The criteria for my list is that they are taken from real life misspellings, mostly from facebook or youtube comments but also from news media. I have noticed that a lot of people don't bother to consider the proper spelling of words but rather they just spell a word however it sounds to them. So apparently some people pronounce these words the same. Feel free to make your own list of multinyms that fit your own criteria.
Warning, very broadly generalizing now, but here goes...
> I have noticed that a lot of people don't bother to consider the proper spelling of words but rather they just spell a word however it sounds to them.
This is my "spot the native English speaker" trick. Some native speakers consistently type "your" no matter if they mean "your" or "you're", and either "their" or "there" whenever they should have used one of "their", "there" or "they're".
My experience is that people who have learned English as a second language don't make this particular mistake as much - although we make tons of other mistakes, of course!

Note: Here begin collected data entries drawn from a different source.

(* Let $k$ be an odd integer with $k\ge 5$, let $D$ be a strong $k$-quasi-transitive digraph with $\mathrm{diam}(D)\ge k+2$, let $u,v\in V(D)$ with $d(u,v)=k+2$, and let $P=x_0x_1\ldots x_{k+2}$ be a shortest $(u,v)$-path with $x_0=u$, $x_{k+2}=v$. Let $O(P)=\{x_1,x_3,\ldots,x_{k+2}\}$ and $E(P)=\{x_0,x_2,\ldots,x_{k+1}\}$. If there exist two distinct vertices $x_i,x_j$ both in $E(P)$ or both in $O(P)$ that are adjacent, then $D[V(P)]$ is a semicomplete digraph and $x_s\rightarrow x_t$ for all indices $0\le t$, $s\le k+2$ with $1\le t+1<s$.
   Context: All digraphs are finite, without loops or multiple arcs (opposite arcs allowed). $x\rightarrow y$ means $xy\in A(D)$; $x,y$ are adjacent if $x\rightarrow y$ or $y\rightarrow x$. For $k\ge 2$, $D$ is $k$-quasi-transitive if for every path $x_0x_1\ldots x_k$ of length $k$, $x_0$ and $x_k$ are adjacent. $d(x,y)$ is the length of a shortest $(x,y)$-path, $\mathrm{diam}(D)=\max_{x,y}d(x,y)$. $D[S]$ is the induced subdigraph. A semicomplete digraph is one in which every two distinct vertices are adjacent. *)

From mathcomp Require Import all_boot.
Set Implicit Arguments. Unset Strict Implicit. Unset Printing Implicit Defensive.

(* A digraph is a finite vertex type V with an arc relation A : rel V,
   irreflexive (no loops); opposite arcs are allowed. *)

Definition adjacent (V : finType) (A : rel V) (x y : V) : Prop :=
  A x y \/ A y x.

Definition is_path (V : finType) (A : rel V) (y : nat -> V) (n : nat) : Prop :=
  (forall i, i < n -> A (y i) (y i.+1)) /\
  (forall i j, i <= n -> j <= n -> y i = y j -> i = j).

Definition k_quasi_transitive (V : finType) (A : rel V) (k : nat) : Prop :=
  forall y : nat -> V, is_path A y k -> adjacent A (y 0) (y k).

Definition strong (V : finType) (A : rel V) : Prop :=
  forall x y : V, connect A x y.

Definition has_path (V : finType) (A : rel V) (x y : V) (n : nat) : Prop :=
  exists p : nat -> V, [/\ p 0 = x, p n = y & is_path A p n].

Definition dist_eq (V : finType) (A : rel V) (x y : V) (n : nat) : Prop :=
  has_path A x y n /\ forall m, m < n -> ~ has_path A x y m.

Definition diam_ge (V : finType) (A : rel V) (n : nat) : Prop :=
  exists x y : V, forall m, m < n -> ~ has_path A x y m.

From mathcomp Require Import all_boot zify.
Set Implicit Arguments. Unset Strict Implicit. Unset Printing Implicit Defensive.

(* Index the vertices of P by 0..k+2 and write c -> d for the arc x_c -> x_d.
   As P is a shortest path it has no forward shortcut c -> d with c + 1 < d, so
   whenever D[V(P)] contains a path with k arcs from c to d, where d + 1 < c,
   k-quasi-transitivity forces the backward arc c -> d.  The paths used are runs
   of consecutive vertices of P joined by backward arcs.  With them one shows
   that every backward arc c -> d of odd length at least 3 exists; that a
   backward arc of even length can be widened, two steps at each end, until it
   reaches an end of P, which yields k+2 -> 1; and that k+2 -> 1 in turn yields
   every backward arc c -> d with d + 1 < c. *)

Section PathIndices.

Variables (V : finType) (A : rel V) (x : nat -> V) (n : nat).
Hypothesis x_path : is_path A x n.

Lemma is_path_shortcut i j : i.+1 < j <= n -> A (x i) (x j) ->
  has_path A (x 0) (x n) (n - (j - i.+1)).
Proof.
case: x_path => x_step x_inj lt_ij Aij.
pose skip m := if m <= i then m else m + (j - i.+1).
exists (x \o skip); split=> /=; first by rewrite /skip leq0n.
  by rewrite /skip ifF; [congr x | apply/negbTE]; lia.
split=> [m lt_m | m1 m2 le1 le2 e].
  rewrite /= /skip; case: (ltngtP m i) => [lt_mi | lt_im | ->].
  - by apply: x_step; lia.
  - by rewrite addSn; apply: x_step; lia.
  - by rewrite (_ : i.+1 + _ = j) //; lia.
have := x_inj _ _ _ _ e; rewrite /skip.
by case: ifP; case: ifP; lia.
Qed.

Lemma quasi_transitive_walk k : k_quasi_transitive A k ->
  forall a s, size s = k -> uniq (a :: s) -> all (leq^~ n) (a :: s) ->
  path [rel i j | A (x i) (x j)] a s -> adjacent A (x a) (x (last a s)).
Proof.
move=> qt a s size_s uniq_s le_s walk_s; case: x_path => _ x_inj.
have := qt (fun m => x (nth a (a :: s) m)); rewrite /= -size_s -last_nth; apply.
split=> [m lt_m | m1 m2 le1 le2 e]; first by move/(pathP a): walk_s => /(_ m lt_m).
have le_nth m : m <= size s -> nth a (a :: s) m <= n.
  by move=> le_m; apply: (allP le_s); rewrite mem_nth.
apply/eqP; rewrite -(nth_uniq a _ _ uniq_s) //.
by rewrite (x_inj _ _ (le_nth _ le1) (le_nth _ le2) e).
Qed.

End PathIndices.

(* [:: (c1, t1); (c2, t2); ...] encodes the walk c1, c1+1, ..., t1, c2, ..., t2, ... *)
Fixpoint block_walk (bs : seq (nat * nat)) : seq nat :=
  if bs is b :: bs' then iota b.1 (b.2 - b.1).+1 ++ block_walk bs' else [::].

Lemma size_block_walk bs : size (block_walk bs) = sumn [seq (b.2 - b.1).+1 | b <- bs].
Proof. by elim: bs => //= b bs IH; rewrite size_cat size_iota IH. Qed.

Lemma last_iota a m : last a (iota a.+1 m) = a + m.
Proof. by elim: m a => [|m IH] a /=; rewrite ?addn0 ?IH ?addnS. Qed.

Section BackwardArcs.

Variables (k : nat) (R : rel nat).
Local Notation n := k.+2.

Hypothesis k_odd : odd k.
Hypothesis k_ge5 : 5 <= k.
Hypothesis R_step : forall i, i < n -> R i i.+1.
Hypothesis R_no_shortcut : forall i j, i.+1 < j <= n -> ~~ R i j.
Hypothesis R_walk_ends : forall a s, size s = k -> uniq (a :: s) ->
  all (leq^~ n) (a :: s) -> path R a s -> R a (last a s) || R (last a s) a.

Lemma path_iota a m : a + m <= n -> path R a (iota a.+1 m).
Proof. by elim: m a => //= m IH a le_amn; rewrite R_step ?IH //; lia. Qed.

Lemma arc_span i : i <= 2 -> R (i + k) i.
Proof.
move=> le_i2; have walk : path R i (iota i.+1 k) by apply: path_iota; lia.
have le_walk : all (leq^~ n) (iota i k.+1) by apply/allP => j; rewrite mem_iota; lia.
have no_fwd : ~~ R i (i + k) by apply: R_no_shortcut; lia.
move: (R_walk_ends (size_iota _ _) (iota_uniq i k.+1) le_walk walk).
by rewrite last_iota (negbTE no_fwd).
Qed.

Definition block_link : rel (nat * nat) := fun b b' => (b'.2 < b.1) && R b.2 b'.1.

Lemma block_walkP c t bs : all (fun b => b.1 <= b.2) ((c, t) :: bs) ->
  path block_link (c, t) bs -> t <= n ->
  exists2 s, block_walk ((c, t) :: bs) = c :: s &
    [/\ path R c s, uniq (c :: s), all (leq^~ t) (c :: s)
      & last c s = (last (c, t) bs).2].
Proof.
have run_le lo hi : lo <= hi -> all (leq^~ hi) (iota lo (hi - lo).+1).
  by move=> le_lh; apply/allP => i; rewrite mem_iota; lia.
elim: bs c t => [|[c' t'] bs IH] c t.
  move=> /andP[/= le_ct _] _ le_tn; exists (iota c.+1 (t - c)); first by rewrite cats0.
  split; [apply: path_iota; lia | exact: (iota_uniq c (t - c).+1) | exact: run_le |].
  by rewrite last_iota; lia.
move=> /and3P[le_ct le_ct' nonempty] /andP[/andP[lt_tc' Rtc'] linked] le_tn.
rewrite /= in le_ct lt_tc' Rtc'.
have [||s' walk_eq [walk' uniq' le' last']] := IH c' t' _ linked _; [exact/andP | lia |].
exists (iota c.+1 (t - c) ++ c' :: s'); first by rewrite -walk_eq.
split; last by rewrite last_cat.
- by rewrite cat_path last_iota subnKC //= Rtc' walk' path_iota //; lia.
- rewrite -cat_cons -/(iota c (t - c).+1) cat_uniq iota_uniq uniq' andbT.
  by apply/hasPn => i /(allP le'); rewrite mem_iota; lia.
- rewrite -cat_cons -/(iota c (t - c).+1) all_cat run_le //.
  by apply/allP => i /(allP le') /=; lia.
Qed.

Lemma block_walk_arc c t bs : all (fun b => b.1 <= b.2) ((c, t) :: bs) ->
  path block_link (c, t) bs -> t <= n ->
  size (block_walk ((c, t) :: bs)) = k.+1 -> (last (c, t) bs).2.+1 < c ->
  R c (last (c, t) bs).2.
Proof.
move=> nonempty linked le_tn size_walk.
have [s walk_eq [walk uniq_s le_s <-]] := block_walkP nonempty linked le_tn.
have le_walk : all (leq^~ n) (c :: s).
  by apply/allP => i /(allP le_s) le_it; apply: leq_trans le_tn.
move=> lt_last; have no_fwd : ~~ R (last c s) c.
  by apply: R_no_shortcut; rewrite lt_last (allP le_walk c) ?mem_head.
move: size_walk; rewrite walk_eq => -[size_s].
by move: (R_walk_ends size_s uniq_s le_walk walk); rewrite (negbTE no_fwd) orbF.
Qed.

(* Proves R c d from the walk given by the blocks (c, t) :: bs; the arcs joining
   consecutive blocks are left as goals unless they are hypotheses. *)
Tactic Notation "close_walk" constr(t) constr(bs) :=
  apply: (block_walk_arc (t := t) (bs := bs));
  rewrite ?size_block_walk /= /block_link /=;
  repeat (apply/andP; split); try done; try lia.

Lemma arc_wrap t e c d : e <= d -> d.+1 < c -> c <= t <= n -> t + d.+1 = k + c + e ->
  R t e -> R c d.
Proof. by move=> *; close_walk t [:: (e, d)]. Qed.

Lemma low_arc_step e y : e <= 1 -> 2 <= y -> y.+2 <= n -> R n 2 -> R y e -> R y.+2 e.
Proof. by move=> *; close_walk n [:: (2, y); (e, e)]. Qed.

Lemma top_arc_step c z : k < c <= n -> z.+2 <= k -> R k 0 -> R c z.+2 -> R c z.
Proof. by move=> *; close_walk c [:: (z.+2, k); (0, z)]. Qed.

Lemma inner_arc e c d : e <= 2 -> e <= d -> d.+2 <= c <= k + e ->
  R (k + e) d.+1 -> R c.-1 e -> R c d.
Proof. by move=> *; close_walk (k + e) [:: (d.+1, c.-1); (e, d)]. Qed.

Lemma arc_widen a b m : b.+2 <= m < a -> a.+2 <= n ->
  R n m.+1 -> R m 0 -> R a b.+2 -> R a.+2 b.
Proof. by move=> *; close_walk n [:: (m.+1, a); (b.+2, m); (0, b)]. Qed.

Lemma arc_shift : R n 4 -> R k.+1 0 -> R n 1.
Proof. by move=> *; close_walk n [:: (4, k.+1); (0, 1)]. Qed.


Lemma arc_k_0 : R k 0. Proof. exact: (@arc_span 0). Qed.

Lemma arc_n_2 : R n 2. Proof. exact: (@arc_span 2). Qed.

Lemma arc_n_0 : R n 0.
Proof. by apply: top_arc_step; [lia | lia | exact: arc_k_0 | exact: arc_n_2]. Qed.

Lemma arc_3 d : d + 3 <= n -> R (d + 3) d.
Proof. by move=> le_dn; apply: (arc_wrap (t := n) (e := 0)); try lia; exact: arc_n_0. Qed.

Lemma low_arc_lift e y y' : e <= 1 -> e.+2 <= y <= y' -> y' <= n ->
  ~~ odd (y' - y) -> R y e -> R y' e.
Proof.
move=> le_e1 le_yy'; elim/ltn_ind: y' le_yy' => y' IH le_yy' le_y'n even_gap Rye.
have [-> // | ne_y'y] := eqVneq y' y.
rewrite (_ : y' = (y' - 2).+2); last lia.
by apply: low_arc_step; [lia | lia | lia | exact: arc_n_2 | apply: IH; lia].
Qed.

Lemma top_arc_lower c z z' : k < c <= n -> z <= z' <= k ->
  ~~ odd (z' - z) -> R c z' -> R c z.
Proof.
move=> lt_kc le_zz'; elim/ltn_ind: z' le_zz' => z' IH le_zz' even_gap Rcz'.
have [<- // | ne_z'z] := eqVneq z' z.
apply: (IH (z' - 2)); try lia.
apply: top_arc_step; [lia | lia | exact: arc_k_0 |].
by rewrite (_ : (z' - 2).+2 = z') //; lia.
Qed.

Lemma odd_end_arc c d : d.+1 < c <= n -> odd (c - d) -> (d <= 1) || (k < c) ->
  R c d.
Proof.
move=> lt_dc odd_gap /orP[le_d1 | lt_kc].
  by apply: (low_arc_lift (y := d + 3)); try lia; apply: arc_3; lia.
apply: (top_arc_lower (z' := c - 3)); try lia.
by have := arc_3 (d := c - 3); rewrite subnK; [apply; lia | lia].
Qed.

Lemma arcs_of_end_arcs (with_even : bool) :
  (forall c d, d.+1 < c <= n -> with_even || odd (c - d) -> (d <= 1) || (k < c) ->
     R c d) ->
  forall c d, d.+1 < c <= n -> with_even || odd (c - d) -> R c d.
Proof.
move=> end_arcs.
(* For even d the walk of [inner_arc] with e = 1 uses the arcs k+1 -> d+1, of odd
   length, and c-1 -> 1, of the length parity of c - d; for odd d, e = 2 gives
   n -> d+1, of odd length, and c-1 -> 2, an inner arc with even target. *)
have inner_even c d : ~~ odd d -> 2 <= d -> d.+1 < c <= k -> with_even || odd (c - d) ->
    R c d.
  by move=> *; apply: (inner_arc (e := 1)); try lia; apply: end_arcs; lia.
move=> c d lt_dc adm; have [at_end | inner] := boolP ((d <= 1) || (k < c)).
  exact: end_arcs.
have [d_even | d_odd] := boolP (~~ odd d); first by apply: inner_even; lia.
by apply: (inner_arc (e := 2)); try lia; [apply: end_arcs | apply: inner_even]; lia.
Qed.

Lemma odd_arc c d : d.+1 < c <= n -> odd (c - d) -> R c d.
Proof.
move=> lt_dc odd_gap; apply: (arcs_of_end_arcs (with_even := false)) => // c' d' *.
by apply: odd_end_arc; lia.
Qed.

Lemma arcs_of_arc_n_1 : R n 1 -> forall c d, d.+1 < c <= n -> R c d.
Proof.
move=> R_n1.
have arc_2 d : 1 <= d -> d.+2 <= n -> R d.+2 d.
  by move=> *; apply: (arc_wrap (t := n) (e := 1)); lia.
have R_k1_0 : R k.+1 0.
  apply: top_arc_step; [lia | lia | exact: arc_k_0 |].
  apply: (inner_arc (e := 1)); [lia | lia | lia | apply: odd_arc; lia |].
  by apply: (low_arc_lift (y := 3)); try lia; apply: arc_2; lia.
have arc_2_low e : e <= 1 -> R e.+2 e.
  move=> le_e1; have [-> | ->] : e = 0 \/ e = 1 by lia.
    by apply: (arc_wrap (t := k.+1) (e := 0)); lia.
  by apply: arc_2; lia.
have end_arcs c d : d.+1 < c <= n -> true || odd (c - d) -> (d <= 1) || (k < c) ->
    R c d.
  move=> lt_dc _ at_end; have [odd_gap | even_gap] := boolP (odd (c - d)).
    exact: odd_arc.
  case/orP: at_end => [le_d1 | lt_kc].
    by apply: (low_arc_lift (y := d.+2)); try lia; apply: arc_2_low; lia.
  apply: (top_arc_lower (z' := c - 2)); try lia.
  by have := arc_2 (c - 2); rewrite (_ : (c - 2).+2 = c); [apply; lia | lia].
by move=> c d lt_dc; apply: (arcs_of_end_arcs end_arcs).
Qed.

Lemma arc_n_1_of_even_arc a b : b.+1 < a <= n -> ~~ odd (a - b) -> R a b -> R n 1.
Proof.
have shift : R k.+1 0 -> R n 1 by apply: arc_shift; apply: odd_arc; lia.
elim/ltn_ind: b a => b IH a lt_ba even_gap Rab.
have [le_b1 | lt_1b] := leqP b 1.
  have [|] : b = 0 \/ b = 1 by lia.
    by move=> b0; subst b; apply: shift; apply: (low_arc_lift (y := a)) => //; lia.
  by move=> b1; subst b; apply: (low_arc_lift (y := a)) => //; lia.
have [lt_ka | le_ak] := ltnP k a.
  have [|] : a = k.+1 \/ a = n by lia.
    by move=> ak1; subst a; apply: shift; apply: (top_arc_lower (z' := b)) => //; lia.
  by move=> an; subst a; apply: (top_arc_lower (z' := b)) => //; lia.
(* With m odd, n -> m+1 and m -> 0 are arcs of odd length. *)
have [m [odd_m le_bm le_mb]] : exists m, [/\ odd m, b <= m & m <= b.+1].
  by case: (boolP (odd b)) => odd_b; [exists b | exists b.+1]; split; lia.
apply: (IH (b - 2) _ a.+2); try lia.
apply: (arc_widen (m := m)); try lia; try (apply: odd_arc; lia).
by rewrite (_ : (b - 2).+2 = b) //; lia.
Qed.

Theorem backward_arcs_of_even_arc a b : b.+1 < a <= n -> ~~ odd (a - b) -> R a b ->
  forall c d, d.+1 < c <= n -> R c d.
Proof. by move=> lt_ba even_gap Rab; apply/arcs_of_arc_n_1/(arc_n_1_of_even_arc lt_ba). Qed.

End BackwardArcs.

Theorem lemma2p4 (V : finType) (A : rel V) (k : nat)
  (hirr : irreflexive A)
  (hk_odd : odd k) (hk5 : 5 <= k)
  (hqt : k_quasi_transitive A k) (hstrong : strong A)
  (hdiam : diam_ge A (k + 2))
  (u v : V) (huv : dist_eq A u v (k + 2))
  (x : nat -> V) (hx0 : x 0 = u) (hxv : x (k + 2) = v)
  (hP : is_path A x (k + 2))
  (hpar : exists i j, [/\ i <= k + 2, j <= k + 2, i <> j, odd i = odd j
                        & adjacent A (x i) (x j)]) :
  (forall i j, i <= k + 2 -> j <= k + 2 -> i <> j -> adjacent A (x i) (x j)) /\
  (forall s t, s <= k + 2 -> t.+1 < s -> A (x s) (x t)).
Proof.
rewrite addn2 in huv hxv hP hpar *.
pose R := [rel i j | A (x i) (x j)].
have R_step i : i < k.+2 -> R i i.+1 by case: hP => step _; apply: step.
have no_shortcut i j : i.+1 < j <= k.+2 -> ~~ R i j.
  move=> lt_ij; apply/negP => Aij; apply: (huv.2 (k.+2 - (j - i.+1))); first lia.
  by rewrite -hx0 -hxv; apply: is_path_shortcut.
have walk_ends a s : size s = k -> uniq (a :: s) -> all (leq^~ k.+2) (a :: s) ->
    path R a s -> R a (last a s) || R (last a s) a.
  by move=> *; apply/orP; apply: (quasi_transitive_walk hP hqt).
have backward c d : d.+1 < c <= k.+2 -> R c d.
  have [i [j [le_i le_j ne_ij par_ij adj_ij]]] := hpar.
  wlog lt_ij : i j le_i le_j ne_ij par_ij adj_ij / i < j.
    move=> gen; have [lt_ij | lt_ji | eq_ij] := ltngtP i j; last by [].
      exact: (gen i j).
    by apply: (gen j i) => //; [lia | case: adj_ij; [right | left]].
  have Rji : R j i.
    case: adj_ij => // Aij; have : i.+1 < j <= k.+2 by lia.
    by move/no_shortcut; rewrite /= Aij.
  have := backward_arcs_of_even_arc hk_odd hk5 R_step no_shortcut walk_ends (a := j) (b := i).
  by apply=> //; lia.
split=> [i j le_i le_j ne_ij | s t le_s lt_ts]; last by apply: backward; lia.
have [lt | gt | //] := ltngtP i j.
- have [-> | ne] := eqVneq j i.+1; [left; apply: R_step | right; apply: backward]; lia.
- have [-> | ne] := eqVneq i j.+1; [right; apply: R_step | left; apply: backward]; lia.
Qed.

My guess is that the cause of this is that native speakers learn the language mostly by listening, long before they learn to read and write. Consequently, to them a word is primarily defined by its pronunciation. Its spelling is a secondary property that's attached years later.
For second language speakers, a word's spelling is usually something they're exposed to immediately when they learn the word - in many cases even before they learn how it's pronounced. To them, the spelling is what primarily defines a word.
It's a bit frustrating. I tend to get confused when "your" is used in place of "you're", and I usually have to reread the sentence once before I decipher the meaning.
Having a nonstandard American dialect is even worse. Texas dialects have a much broader set of larger contractions than coastal and Midwest accents. Autocorrect becomes an active enemy when I'm trying to type "I'd'nt've" or "y'couldn't'v'nt'd".
I dunno man. I'm just typing what I hear & say. The first is "I do not think I would have done that", more or less. The second is "I could not have done that" but with an agreeing second negative? Like a hill people "I wouldn't do that if I weren't you."
Hmm, that seems to stray from the general definition of "multinym" as used in the OP.
If we did stick with the idea of pronunciation, some of the examples from your list could be included if we allow regional accents, e.g. steel-still, peel-pill. However, those accents would also include many other sets not in the OP. barren-bearing particularly stands out, because I can't think of any accent that pushes those together audibly.